Cross-examining the pension expert.

AuthorReiss, Jerry

Your opponent calls a "pension expert" to the stand to testify as to the present value of a marital pension benefit. Although you recognize errors in the expert's testimony during direct examination, you may still have difficulty cross-examining that person. This article will attempt to demonstrate issues underlying proper pension valuation to assist with cross-examination. This article will show that the vast majority of persons used as experts fail to follow generally accepted procedures necessary for rendering an expert opinion on pension valuation. Lastly, this article will illuminate mistakes made in the computational methodology. If these failures are properly understood, the practitioner may expose such persons as individuals who are not experts and who do understand retirement plans.

Essential Criteria for Measuring Expertise

Qualified individuals in this area of law have a substantial background in and hands-on work with retirement plans. An inquiry should first be made of the witness' background to determine if this person can justify his or her expertise. A careful detailed examination of the special training and education should be made separate and apart from how many times the expert has testified in this court. Remember that pension expertise is a very specialized area and a person is not qualified merely because that person has a financial background.

While the level of an expert's expertise can vary substantially, there are some standards of training that all attorneys should be familiar with in examining experts: "QPA" means qualified plan administrator, and "QPC" means qualified pension consultant. Both designations are awarded by the Society of Pension Actuaries.

The pension industry itself recognizes the actuary as the most qualified to render present value opinions. Typical actuarial designations include "FSA," fellow of the Society of Actuaries; "ASA," associate, Society of Actuaries; "MSPA," member, Society of Pension Actuaries; "FSPA," fellow, Society of Pension Actuaries; "EA," enrolled actuary, licensed by Congress in ERISA;(1) "FCA," fellow of the Conference of Actuaries; and "MAAA," member of the American Academy of Actuaries.

A good rule of thumb is to carefully scrutinize the expert about the present value calculation. Consider asking the expert to justify in detail why that person used certain assumptions and how the present value result was obtained. The answer should support the present value methodology used.

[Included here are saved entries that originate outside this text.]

(* Let $\partial:G_1\to G_0$ be a crossed module. Then there is an exact sequence of groups $$1\to \mathrm{Der}(\pi_0(\mathbf G_* ),\pi_1(\mathbf G_* ))\to \mathbf Z_0(\mathbf G_* )\xrightarrow{\mathsf z_0} G_0,$$ where the first map sends a crossed homomorphism $\phi$ to $(1,\tilde\phi)$, with $\tilde\phi$ the composite $G_0\to\pi_0(\mathbf G_* )\xrightarrow{\phi}\pi_1(\mathbf G_* )\hookrightarrow G_1$, and $\mathsf z_0(x,\xi)=x$.
   Context: A crossed module $\mathbf G_*$ consists of groups $G_1,G_0$, a group homomorphism $\partial:G_1\to G_0$ and a left action of $G_0$ on $G_1$ by group automorphisms, $(x,a)\mapsto {}^x a$, such that $\partial({}^x a)=x\,\partial(a)\,x^{-1}$ and ${}^{\partial(b)}a=bab^{-1}$ for all $x\in G_0$, $a,b\in G_1$. $\pi_0(\mathbf G_* )=G_0/\mathrm{Im}(\partial)$ (a group) and $\pi_1(\mathbf G_* )=\ker(\partial)$, a central subgroup of $G_1$ which is a $\pi_0(\mathbf G_* )$-module via the induced action. $\mathrm{Der}(P,M)$ denotes the group of crossed homomorphisms (1-cocycles) $\phi:P\to M$, $\phi(pq)=\phi(p)+p\cdot\phi(q)$, under pointwise addition. Commutators are $[x,t]=xtx^{-1}t^{-1}$. The set $\mathbf Z_0(\mathbf G_* )$ consists of all pairs $(x,\xi)$ with $x\in G_0$ and $\xi:G_0\to G_1$ a map such that for all $s,t\in G_0$, $a\in G_1$: (Z1) $\partial\xi(t)=[x,t]$; (Z2) $\xi(\partial a)={}^x a\cdot a^{-1}$; (Z3) $\xi(st)=\xi(s)\,{}^s\xi(t)$. It is a group under $(x,\xi)\cdot(y,\eta)=(xy,\ t\mapsto {}^x\eta(t)\,\xi(t))$. *)

From Stdlib Require Import ClassicalEpsilon.

Set Implicit Arguments.

Record Group := {
  carrier :> Type;
  gmul : carrier -> carrier -> carrier;
  gone : carrier;
  ginv : carrier -> carrier;
  gmulA : forall x y z, gmul x (gmul y z) = gmul (gmul x y) z;
  gmul1l : forall x, gmul gone x = x;
  gmul1r : forall x, gmul x gone = x;
  gmulVl : forall x, gmul (ginv x) x = gone;
  gmulVr : forall x, gmul x (ginv x) = gone
}.

Arguments gmul {g} x y.
Arguments gone {g}.
Arguments ginv {g} x.

Definition gcomm {G : Group} (x t : G) : G :=
  gmul (gmul (gmul x t) (ginv x)) (ginv t).

Record CrossedModule := {
  G1 : Group;
  G0 : Group;
  del : G1 -> G0;
  del_mul : forall a b, del (gmul a b) = gmul (del a) (del b);
  act : G0 -> G1 -> G1;
  act_one : forall a, act gone a = a;
  act_mul : forall x y a, act (gmul x y) a = act x (act y a);
  act_hom : forall x a b, act x (gmul a b) = gmul (act x a) (act x b);
  del_act : forall x a, del (act x a) = gmul (gmul x (del a)) (ginv x);
  peiffer : forall a b, act (del b) a = gmul (gmul b a) (ginv b)
}.

Section CM.
Variable C : CrossedModule.

Lemma del_one : del C gone = gone.
Proof.
  pose proof (del_mul C gone gone) as H. rewrite gmul1l in H.
  assert (H2 : gmul (ginv (del C gone)) (del C gone)
             = gmul (ginv (del C gone)) (gmul (del C gone) (del C gone)))
    by (f_equal; exact H).
  rewrite gmulA, gmulVl, gmul1l in H2. symmetry; exact H2.
Qed.

Definition pi1 : Type := { a : G1 C | del C a = gone }.

Lemma pi1_mul_ker (m n : pi1) : del C (gmul (proj1_sig m) (proj1_sig n)) = gone.
Proof. destruct m as [a Ha], n as [b Hb]; simpl. rewrite del_mul, Ha, Hb. apply gmul1l. Qed.

Definition pi1_mul (m n : pi1) : pi1 := exist _ _ (pi1_mul_ker m n).

(* pi_0 = G0 / Im del, as the type of cosets x Im(del) *)
Definition coset (x : G0 C) : G0 C -> Prop :=
  fun y => exists a : G1 C, y = gmul x (del C a).

Definition pi0 : Type := { P : G0 C -> Prop | exists x, P = coset x }.

Definition q0 (x : G0 C) : pi0 := exist _ (coset x) (ex_intro _ x eq_refl).

Definition repr0 (p : pi0) : G0 C := proj1_sig (constructive_indefinite_description _ (proj2_sig p)).

Definition pi0_mul (p r : pi0) : pi0 := q0 (gmul (repr0 p) (repr0 r)).

Lemma act_ker (x : G0 C) (m : pi1) : del C (act C x (proj1_sig m)) = gone.
Proof.
  destruct m as [a Ha]; simpl. rewrite del_act, Ha, gmul1r. apply gmulVr.
Qed.

Definition pi0_act (p : pi0) (m : pi1) : pi1 := exist _ _ (act_ker (repr0 p) m).

Definition isDer (phi : pi0 -> pi1) : Prop :=
  forall p r, phi (pi0_mul p r) = pi1_mul (phi p) (pi0_act p (phi r)).

Definition der_add (phi psi : pi0 -> pi1) : pi0 -> pi1 := fun p => pi1_mul (phi p) (psi p).

Definition inZ0 (x : G0 C) (xi : G0 C -> G1 C) : Prop :=
  (forall t, del C (xi t) = gcomm x t) /\
  (forall a, xi (del C a) = gmul (act C x a) (ginv a)) /\
  (forall s t, xi (gmul s t) = gmul (xi s) (act C s (xi t))).

Definition Z0mul (u v : G0 C * (G0 C -> G1 C)) : G0 C * (G0 C -> G1 C) :=
  (gmul (fst u) (fst v), fun t => gmul (act C (fst u) (snd v t)) (snd u t)).

Definition z0 (u : G0 C * (G0 C -> G1 C)) : G0 C := fst u.

Definition der_tilde (phi : pi0 -> pi1) : G0 C -> G1 C := fun t => proj1_sig (phi (q0 t)).

Definition iota (phi : pi0 -> pi1) : G0 C * (G0 C -> G1 C) := (gone, der_tilde phi).

End CM.

From Stdlib Require Import ClassicalEpsilon ProofIrrelevance FunctionalExtensionality PropExtensionality.

(* The argument rests on three facts about a crossed module d : G1 -> G0:
   (a) pi_1 = ker d is central in G1 and is fixed by the action of Im d,
       so the action of G0 on pi_1 factors through pi_0 = G0 / Im d;
   (b) the quotient map q0 : G0 -> pi_0 is multiplicative, hence composing a
       crossed homomorphism phi : pi_0 -> pi_1 with q0 gives a crossed
       homomorphism G0 -> G1, i.e. the map phi~ of the statement;
   (c) conversely, if (1, xi) lies in Z_0 then xi takes values in ker d and is
       constant on the cosets of Im d, so it descends to pi_0. *)

Section GroupFacts.
Variable G : Group.
Implicit Types a b c : G.

Lemma cancel_l a b c : gmul a b = gmul a c -> b = c.
Proof.
  intro H. rewrite <- (gmul1l _ b), <- (gmul1l _ c), <- (gmulVl _ a), <- !gmulA, H.
  reflexivity.
Qed.

Lemma inv_unique a b : gmul a b = gone -> b = ginv a.
Proof. intro H. apply (cancel_l a). rewrite H, gmulVr. reflexivity. Qed.

Lemma inv_inv a : ginv (ginv a) = a.
Proof. symmetry. apply inv_unique, gmulVl. Qed.

Lemma idem_one a : gmul a a = a -> a = gone.
Proof. intro H. apply (cancel_l a). rewrite H, gmul1r. reflexivity. Qed.

Lemma ginv_one : ginv (@gone G) = gone.
Proof. symmetry. apply inv_unique, gmul1l. Qed.

(* [1, t] = 1: this is why the elements (1, xi) of Z_0 have xi valued in ker d. *)
Lemma gcomm_one_l (t : G) : gcomm gone t = gone.
Proof. unfold gcomm. rewrite gmul1l, ginv_one, gmul1r, gmulVr. reflexivity. Qed.

End GroupFacts.

Lemma sig_eq (A : Type) (P : A -> Prop) (u v : sig P) :
  proj1_sig u = proj1_sig v -> u = v.
Proof. destruct u, v; simpl; intros ->; f_equal; apply proof_irrelevance. Qed.

Section CrossedModuleFacts.
Variable C : CrossedModule.

Lemma act_fix_one x : act C x gone = gone.
Proof. apply idem_one. rewrite <- act_hom, gmul1l. reflexivity. Qed.

(* Fact (a): ker d is central in G1 (a consequence of the Peiffer identity). *)
Lemma ker_central m b : del C m = gone -> gmul m b = gmul b m.
Proof.
  intro Hm. pose proof (peiffer C b m) as H. rewrite Hm, act_one in H.
  rewrite H at 2. rewrite <- !gmulA, gmulVl, gmul1r. reflexivity.
Qed.

Lemma act_del_ker m b : del C m = gone -> act C (del C b) m = m.
Proof.
  intro Hm. rewrite peiffer, <- (ker_central m b Hm), <- gmulA, gmulVr, gmul1r.
  reflexivity.
Qed.

Lemma q0_shift x a : q0 C x = q0 C (gmul x (del C a)).
Proof.
  apply sig_eq; simpl. apply functional_extensionality; intro z.
  apply propositional_extensionality; unfold coset; split.
  - intros [b ->]. exists (gmul (ginv a) b).
    rewrite <- gmulA, <- del_mul, gmulA, gmulVr, gmul1l. reflexivity.
  - intros [c ->]. exists (gmul a c). rewrite del_mul, gmulA. reflexivity.
Qed.

Lemma repr_q0 t : exists a, repr0 (q0 C t) = gmul t (del C a).
Proof.
  unfold repr0. destruct (constructive_indefinite_description _ _) as [r Hr]; simpl in *.
  assert (Hr_t : coset C t r).
  { rewrite Hr. exists gone. rewrite del_one, gmul1r. reflexivity. }
  exact Hr_t.
Qed.

Lemma q0_repr p : q0 C (repr0 p) = p.
Proof.
  apply sig_eq; simpl. unfold repr0.
  destruct (constructive_indefinite_description _ _) as [r Hr]; simpl.
  symmetry. exact Hr.
Qed.

(* Fact (b): q0 is multiplicative, because Im d is normal in G0. *)
Lemma pi0_mul_q0 s t : pi0_mul (q0 C s) (q0 C t) = q0 C (gmul s t).
Proof.
  unfold pi0_mul. destruct (repr_q0 s) as [a Ha], (repr_q0 t) as [b Hb].
  rewrite Ha, Hb.
  assert (Hnormal : gmul t (del C (act C (ginv t) a)) = gmul (del C a) t).
  { rewrite del_act, inv_inv, !gmulA, gmulVr, gmul1l. reflexivity. }
  replace (gmul (gmul s (del C a)) (gmul t (del C b)))
    with (gmul (gmul s t) (del C (gmul (act C (ginv t) a) b))).
  - symmetry. apply q0_shift.
  - rewrite del_mul, <- !gmulA, (gmulA _ t), Hnormal, !gmulA. reflexivity.
Qed.

Lemma pi0_act_q0 s m : proj1_sig (pi0_act (q0 C s) m) = act C s (proj1_sig m).
Proof.
  unfold pi0_act; simpl. destruct (repr_q0 s) as [a Ha]. rewrite Ha, act_mul.
  f_equal. apply act_del_ker, (proj2_sig m).
Qed.

Lemma pi1_mul_val (m n : pi1 C) :
  proj1_sig (pi1_mul m n) = gmul (proj1_sig m) (proj1_sig n).
Proof. reflexivity. Qed.

Lemma der_one phi : isDer phi -> proj1_sig (phi (q0 C gone)) = gone.
Proof.
  intro Hphi. pose proof (f_equal (@proj1_sig _ _) (Hphi (q0 C gone) (q0 C gone))) as H.
  rewrite pi0_mul_q0, gmul1l, pi1_mul_val, pi0_act_q0, act_one in H.
  apply idem_one. symmetry. exact H.
Qed.

Lemma iota_inZ0 phi : isDer phi -> inZ0 C gone (der_tilde phi).
Proof.
  intro Hphi. unfold der_tilde. split; [|split].
  - intro t. rewrite gcomm_one_l. apply (proj2_sig (phi (q0 C t))).
  - intro a. rewrite act_one, gmulVr, <- (gmul1l _ (del C a)), <- q0_shift.
    apply der_one, Hphi.
  - intros s t. rewrite <- pi0_mul_q0, Hphi, pi1_mul_val, pi0_act_q0. reflexivity.
Qed.

(* iota turns pointwise addition into the product of Z_0, since pi_1 is central. *)
Lemma iota_add (phi psi : pi0 C -> pi1 C) :
  iota (der_add phi psi) = Z0mul C (iota phi) (iota psi).
Proof.
  unfold iota, Z0mul; simpl. rewrite gmul1l. f_equal.
  apply functional_extensionality; intro t. unfold der_tilde, der_add; simpl.
  rewrite act_one. apply ker_central, (proj2_sig (phi (q0 C t))).
Qed.

(* iota is injective, since q0 is surjective. *)
Lemma iota_inj (phi psi : pi0 C -> pi1 C) : iota phi = iota psi -> phi = psi.
Proof.
  intro H. injection H as Htilde.
  apply functional_extensionality; intro p. rewrite <- (q0_repr p).
  apply sig_eq. exact (f_equal (fun f => f (repr0 p)) Htilde).
Qed.

Lemma Z0_ker_values {xi : G0 C -> G1 C} : inZ0 C gone xi -> forall t, del C (xi t) = gone.
Proof. intros [Hdel _] t. rewrite Hdel. apply gcomm_one_l. Qed.

Lemma Z0_ker_coset_invariant xi :
  inZ0 C gone xi -> forall t a, xi (gmul t (del C a)) = xi t.
Proof.
  intros [_ [Htriv Hcocycle]] t a.
  rewrite Hcocycle, Htriv, act_one, gmulVr, act_fix_one, gmul1r. reflexivity.
Qed.

Lemma Z0_ker_in_image xi :
  inZ0 C gone xi -> exists phi, isDer phi /\ (gone, xi) = iota phi.
Proof.
  intro HZ.
  set (phi := fun p : pi0 C =>
         exist (fun a => del C a = gone) (xi (repr0 p)) (Z0_ker_values HZ (repr0 p)) : pi1 C).
  assert (Hdescend : forall t, xi (repr0 (q0 C t)) = xi t).
  { intro t. destruct (repr_q0 t) as [a ->]. apply Z0_ker_coset_invariant, HZ. }
  exists phi. split.
  - intros p r. apply sig_eq. simpl. unfold pi0_mul.
    rewrite Hdescend. apply HZ.
  - unfold iota. f_equal. apply functional_extensionality; intro t.
    unfold der_tilde, phi; simpl. symmetry. apply Hdescend.
Qed.

End CrossedModuleFacts.

Theorem lemma3p5 (C : CrossedModule) :
  (* the first map is well defined: iota(phi) lies in Z_0 *)
  (forall phi : pi0 C -> pi1 C, isDer phi ->
     inZ0 C (fst (iota phi)) (snd (iota phi))) /\
  (* it is a group homomorphism *)
  (forall phi psi : pi0 C -> pi1 C, isDer phi -> isDer psi ->
     iota (der_add phi psi) = Z0mul C (iota phi) (iota psi)) /\
  (* it is injective (exactness at Der) *)
  (forall phi psi : pi0 C -> pi1 C, isDer phi -> isDer psi ->
     iota phi = iota psi -> phi = psi) /\
  (* z0 is a group homomorphism on Z_0 *)
  (forall u v, inZ0 C (fst u) (snd u) -> inZ0 C (fst v) (snd v) ->
     z0 C (Z0mul C u v) = gmul (z0 C u) (z0 C v)) /\
  (* exactness at Z_0: ker z0 = im iota *)
  (forall u, inZ0 C (fst u) (snd u) ->
     (z0 C u = gone <-> exists phi : pi0 C -> pi1 C, isDer phi /\ u = iota phi)).
Proof.
  split; [|split; [|split; [|split]]].
  - intros phi Hphi. apply iota_inZ0, Hphi.
  - intros phi psi _ _. apply iota_add.
  - intros phi psi _ _. apply iota_inj.
  - reflexivity.
  - intros [x xi] HZ. unfold z0; simpl in *. split.
    + intros Hx. subst x. apply Z0_ker_in_image, HZ.
    + intros [phi [_ Hu]]. injection Hu as Hx _. exact Hx.
Qed.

Be careful about generalizations, particularly as to why a particular table was selected in rendering a present value opinion. The attorney should be cautious when the expert replies that the table is applicable because it is widely used by the government. This is an inappropriate response to the question. Every table has an intended use. The selection of appropriate assumptions is the subject of advanced actuarial work. This is why Congress licensed actuaries and limited the selection of assumptions to actuaries that are licensed under ERISA.(2) Therefore, a true expert should be able to bore the court with voluminous details of why that particular table was selected.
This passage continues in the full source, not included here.